Simulated Author's Rebuttal

2 responses · 0 unresolved

We thank the referee for the constructive feedback on our manuscript. The comments highlight important aspects of experimental rigor and methodological clarity that we will address in the revision. Below we respond point-by-point to the major comments.

read point-by-point responses
  1. Referee: [Experiments / Results] Experiments / Results section (and abstract): The headline claim that Orion-Lite (DS=80.6) surpasses ORION is presented as evidence of successful transfer of complex interactive reasoning via latent distillation. However, training combines two signals—latent feature distillation and direct ground-truth trajectory supervision—with no ablation isolating the distillation component (e.g., a vision-only baseline trained only on trajectory imitation). This is load-bearing for the central claim, as the gain could arise from more faithful expert imitation rather than acquired world-knowledge reasoning.

    Authors: We agree that an ablation isolating the distillation component is necessary to strengthen the central claim. In the revised manuscript we will add a vision-only baseline trained exclusively on ground-truth trajectory imitation (without latent feature distillation) and report its closed-loop performance on Bench2Drive. This will allow direct comparison to Orion-Lite and clarify the incremental benefit attributable to the distillation objective. revision: yes

  2. Referee: [Method] Method section: The description of the latent feature distillation objective lacks explicit equations or loss formulations (e.g., no definition of the feature alignment term or weighting between distillation and trajectory losses). Without these, it is difficult to assess how the transfer of LLM reasoning is implemented or to reproduce the exact recipe.

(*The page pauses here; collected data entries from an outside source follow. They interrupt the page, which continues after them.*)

(* Let $\gamma\in(1,2]$ and let $(\rho_L,u_L,p_L)$, $(\rho_R,u_R,p_R)$ be two states with $\rho_K,p_K>0$, $u_K\in\mathbb R^d$, $m_K=\rho_Ku_K$, $a_K=\sqrt{\gamma p_K/\rho_K}$. With $\langle f\rangle=\frac{f_L+f_R}2$ and $[\![f]\!]=f_R-f_L$, it holds $$\langle|u|^2\rangle\le(\|\langle u\rangle\|+\|[\![u]\!]\|)^2,\quad\langle a^2\rangle\le2\langle a\rangle^2,\quad\langle p\rangle\langle\rho\rangle^{-1}\le\frac4\gamma\langle a\rangle^2,$$ $$\langle\rho|u|^2\rangle\langle\rho\rangle^{-1}\le2(\|\langle u\rangle\|+\|[\![u]\!]\|)^2,\quad\|\langle m\rangle\|\langle\rho\rangle^{-1}\le\|\langle u\rangle\|+\frac12\|[\![u]\!]\|.$$
   Context: $\|\cdot\|$ denotes the $\ell^1$ norm of a vector in $\mathbb R^d$. *)

From HB Require Import structures.
From mathcomp Require Import all_boot all_order all_algebra.
Set Implicit Arguments. Unset Strict Implicit. Unset Printing Implicit Defensive.
Import Order.TTheory GRing.Theory Num.Theory.
Local Open Scope ring_scope.

Definition l1norm (R : realDomainType) (d : nat) (v : 'rV[R]_d) : R :=
  \sum_(i < d) `|v 0 i|.

Definition sqnorm (R : ringType) (d : nat) (v : 'rV[R]_d) : R :=
  \sum_(i < d) (v 0 i) ^+ 2.

Definition avg (R : fieldType) (fL fR : R) : R := (fL + fR) / 2.
Definition jump (R : ringType) (fL fR : R) : R := fR - fL.

Definition vavg (R : fieldType) (d : nat) (uL uR : 'rV[R]_d) : 'rV[R]_d :=
  (2%:R)^-1 *: (uL + uR).
Definition vjump (R : ringType) (d : nat) (uL uR : 'rV[R]_d) : 'rV[R]_d :=
  uR - uL.

Definition sound (R : rcfType) (gamma rho p : R) : R :=
  Num.sqrt (gamma * p / rho).

From HB Require Import structures.
From mathcomp Require Import all_boot all_order all_algebra.
From mathcomp Require Import ring lra.
Set Implicit Arguments.
Unset Strict Implicit.
Unset Printing Implicit Defensive.
Import Order.TTheory GRing.Theory Num.Theory.
Local Open Scope ring_scope.

(* Each left-hand side except the second is a mean of a left and a right
   value, weighted by 1 or by rho_K, so it is bounded by any common bound of the
   two values.  Since u_L = <u> - [[u]]/2 and u_R = <u> + [[u]]/2, both
   velocities have l1 norm at most |<u>| + |[[u]]|/2, and |u|^2 <= |u|_1^2; the
   triangle inequality gives |<m>| <= <rho |u|_1>.  For the pressures,
   p_K = rho_K a_K^2 / gamma and a_K^2 <= (a_L + a_R)^2 = 4 <a>^2.  The second
   inequality is just 2 a_L a_R >= 0. *)

Section Averages.
Variable R : realFieldType.

Lemma avg_le (x y M : R) : x <= M -> y <= M -> avg x y <= M.
Proof. by rewrite /avg; lra. Qed.

Lemma weighted_avg_le (a b x y M : R) : 0 < a -> 0 < b -> x <= M -> y <= M ->
  avg (a * x) (b * y) / avg a b <= M.
Proof.
move=> a_gt0 b_gt0 xM yM; rewrite ler_pdivrMr /avg; last by lra.
have : a * x <= a * M by rewrite ler_pM2l.
have : b * y <= b * M by rewrite ler_pM2l.
by lra.
Qed.

Lemma avg_sqr_le (a b : R) : 0 <= a * b -> avg (a ^+ 2) (b ^+ 2) <= 2 * avg a b ^+ 2.
Proof. by rewrite /avg; nra. Qed.

End Averages.

Section L1Norm.
Variables (R : realFieldType) (d : nat).
Implicit Types u v : 'rV[R]_d.

Lemma l1norm_ge0 v : 0 <= l1norm v.
Proof. exact: sumr_ge0. Qed.

Lemma l1normD u v : l1norm (u + v) <= l1norm u + l1norm v.
Proof. by rewrite /l1norm -big_split ler_sum // => i _; rewrite mxE ler_normD. Qed.

Lemma l1normZ (c : R) v : l1norm (c *: v) = `|c| * l1norm v.
Proof. by rewrite /l1norm mulr_sumr; apply: eq_bigr => i _; rewrite mxE normrM. Qed.

Lemma l1normN v : l1norm (- v) = l1norm v.
Proof. by rewrite -scaleN1r l1normZ normrN normr1 mul1r. Qed.

Lemma sqnorm_le_l1norm v : sqnorm v <= l1norm v ^+ 2.
Proof.
rewrite /sqnorm [l1norm v ^+ 2]expr2 {1}/l1norm mulr_suml ler_sum // => i _.
rewrite -(real_normK (num_real _)) expr2 ler_wpM2l //.
by rewrite /l1norm (bigD1 i) //= lerDl sumr_ge0.
Qed.

Lemma sqnorm_le_sqr v (M : R) : 0 <= M -> l1norm v <= M -> sqnorm v <= M ^+ 2.
Proof.
move=> M_ge0 vM; apply: le_trans (sqnorm_le_l1norm v) _.
by rewrite ler_sqr // nnegrE l1norm_ge0.
Qed.

Lemma vavgC u v : vavg u v = vavg v u.
Proof. by rewrite /vavg addrC. Qed.

Lemma l1norm_vjumpC u v : l1norm (vjump u v) = l1norm (vjump v u).
Proof. by rewrite /vjump -opprB l1normN. Qed.

Lemma l1norm_vavg_le u v : l1norm (vavg u v) <= avg (l1norm u) (l1norm v).
Proof.
rewrite /vavg l1normZ ger0_norm ?invr_ge0 ?ler0n // /avg mulrC.
by rewrite ler_wpM2r ?invr_ge0 ?ler0n ?l1normD.
Qed.

Lemma l1norm_right_le u v :
  l1norm v <= l1norm (vavg u v) + 2^-1 * l1norm (vjump u v).
Proof.
rewrite {1}(_ : v = vavg u v + 2^-1 *: vjump u v); last first.
  by apply/rowP => i; rewrite !mxE; field.
by rewrite (le_trans (l1normD _ _)) // lerD2l l1normZ ger0_norm ?invr_ge0 ?ler0n.
Qed.

Lemma l1norm_left_le u v :
  l1norm u <= l1norm (vavg u v) + 2^-1 * l1norm (vjump u v).
Proof. by rewrite vavgC l1norm_vjumpC l1norm_right_le. Qed.

End L1Norm.

Lemma sound_ge0 (R : rcfType) (gamma rho p : R) : 0 <= sound gamma rho p.
Proof. exact: sqrtr_ge0. Qed.

Lemma pressure_sound (R : rcfType) (gamma rho p : R) :
  0 < gamma -> 0 < rho -> 0 <= p -> p = rho * (sound gamma rho p ^+ 2 / gamma).
Proof.
move=> gamma_gt0 rho_gt0 p_ge0.
rewrite /sound sqr_sqrtr; last by rewrite divr_ge0 ?mulr_ge0 // ltW.
by field; apply/andP; rewrite !gt_eqF.
Qed.

Theorem lemmaA1 (R : rcfType) (d : nat) (gamma : R)
  (rhoL pL rhoR pR : R) (uL uR : 'rV[R]_d) :
  1 < gamma -> gamma <= 2 ->
  0 < rhoL -> 0 < pL -> 0 < rhoR -> 0 < pR ->
  let mL := rhoL *: uL in
  let mR := rhoR *: uR in
  let aL := sound gamma rhoL pL in
  let aR := sound gamma rhoR pR in
  let U := l1norm (vavg uL uR) + l1norm (vjump uL uR) in
  [/\ avg (sqnorm uL) (sqnorm uR) <= U ^+ 2,
      avg (aL ^+ 2) (aR ^+ 2) <= 2 * (avg aL aR) ^+ 2,
      avg pL pR / avg rhoL rhoR <= 4 / gamma * (avg aL aR) ^+ 2,
      avg (rhoL * sqnorm uL) (rhoR * sqnorm uR) / avg rhoL rhoR <= 2 * U ^+ 2
    & l1norm (vavg mL mR) / avg rhoL rhoR
        <= l1norm (vavg uL uR) + 2^-1 * l1norm (vjump uL uR)].
Proof.
move=> gamma_gt1 _ rhoL_gt0 pL_gt0 rhoR_gt0 pR_gt0 mL mR aL aR U.
have gamma_gt0 : 0 < gamma := lt_trans ltr01 gamma_gt1.
set W := l1norm (vavg uL uR) + 2^-1 * l1norm (vjump uL uR).
have U_ge0 : 0 <= U by rewrite addr_ge0 ?l1norm_ge0.
have W_le_U : W <= U.
  by rewrite lerD2l ler_piMl ?l1norm_ge0 // invf_le1 ?ler1n.
have sqnorm_le (K : 'rV[R]_d) : l1norm K <= W -> sqnorm K <= U ^+ 2.
  by move=> KW; rewrite sqnorm_le_sqr // (le_trans KW).
have sqnormL := sqnorm_le _ (l1norm_left_le uL uR).
have sqnormR := sqnorm_le _ (l1norm_right_le uL uR).
have aL_ge0 : 0 <= aL := sound_ge0 gamma rhoL pL.
have aR_ge0 : 0 <= aR := sound_ge0 gamma rhoR pR.
split.
- exact: avg_le.
- by rewrite avg_sqr_le ?mulr_ge0.
- have -> : 4 / gamma * avg aL aR ^+ 2 = (aL + aR) ^+ 2 / gamma.
    by rewrite /avg; field; rewrite gt_eqF.
  have sound_le a : 0 <= a -> a <= aL + aR -> a ^+ 2 / gamma <= (aL + aR) ^+ 2 / gamma.
    by move=> a_ge0 a_le; rewrite ler_pM2r ?invr_gt0 // ler_sqr // nnegrE addr_ge0.
  rewrite (pressure_sound gamma_gt0 rhoL_gt0 (ltW pL_gt0)).
  rewrite (pressure_sound gamma_gt0 rhoR_gt0 (ltW pR_gt0)).
  by rewrite weighted_avg_le ?sound_le ?sound_ge0 ?lerDl ?lerDr.
- apply: le_trans (weighted_avg_le rhoL_gt0 rhoR_gt0 sqnormL sqnormR) _.
  by rewrite ler_peMl ?sqr_ge0 ?ler1n.
- have := weighted_avg_le rhoL_gt0 rhoR_gt0 (l1norm_left_le uL uR) (l1norm_right_le uL uR).
  apply: le_trans.
  rewrite ler_pM2r ?invr_gt0; last by rewrite /avg; lra.
  by rewrite (le_trans (l1norm_vavg_le _ _)) // !l1normZ !gtr0_norm.
Qed.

    Authors: We acknowledge the need for explicit formulations to ensure reproducibility. In the revised Method section we will provide the full mathematical definition of the latent feature distillation loss, including the specific feature alignment metric (e.g., L2 or cosine similarity on selected layers), the combined objective with the trajectory supervision term, and the weighting coefficients used during training. revision: yes

Circularity Check

0 steps flagged

No derivational circularity; purely empirical claims

full rationale

The paper reports an empirical distillation experiment on Bench2Drive without any equations, derivations, fitted parameters presented as predictions, or self-citation chains that reduce the central result to its inputs by construction. Performance numbers (DS=80.6) are direct benchmark outputs, not outputs of a self-referential formula. Absence of ablations on distillation vs. ground-truth supervision is a validity concern, not a circularity issue under the defined patterns.

Axiom & Free-Parameter Ledger

0 free parameters · 0 axioms · 0 invented entities

No mathematical derivations or explicit assumptions detailed in abstract; no free parameters, axioms, or invented entities can be extracted.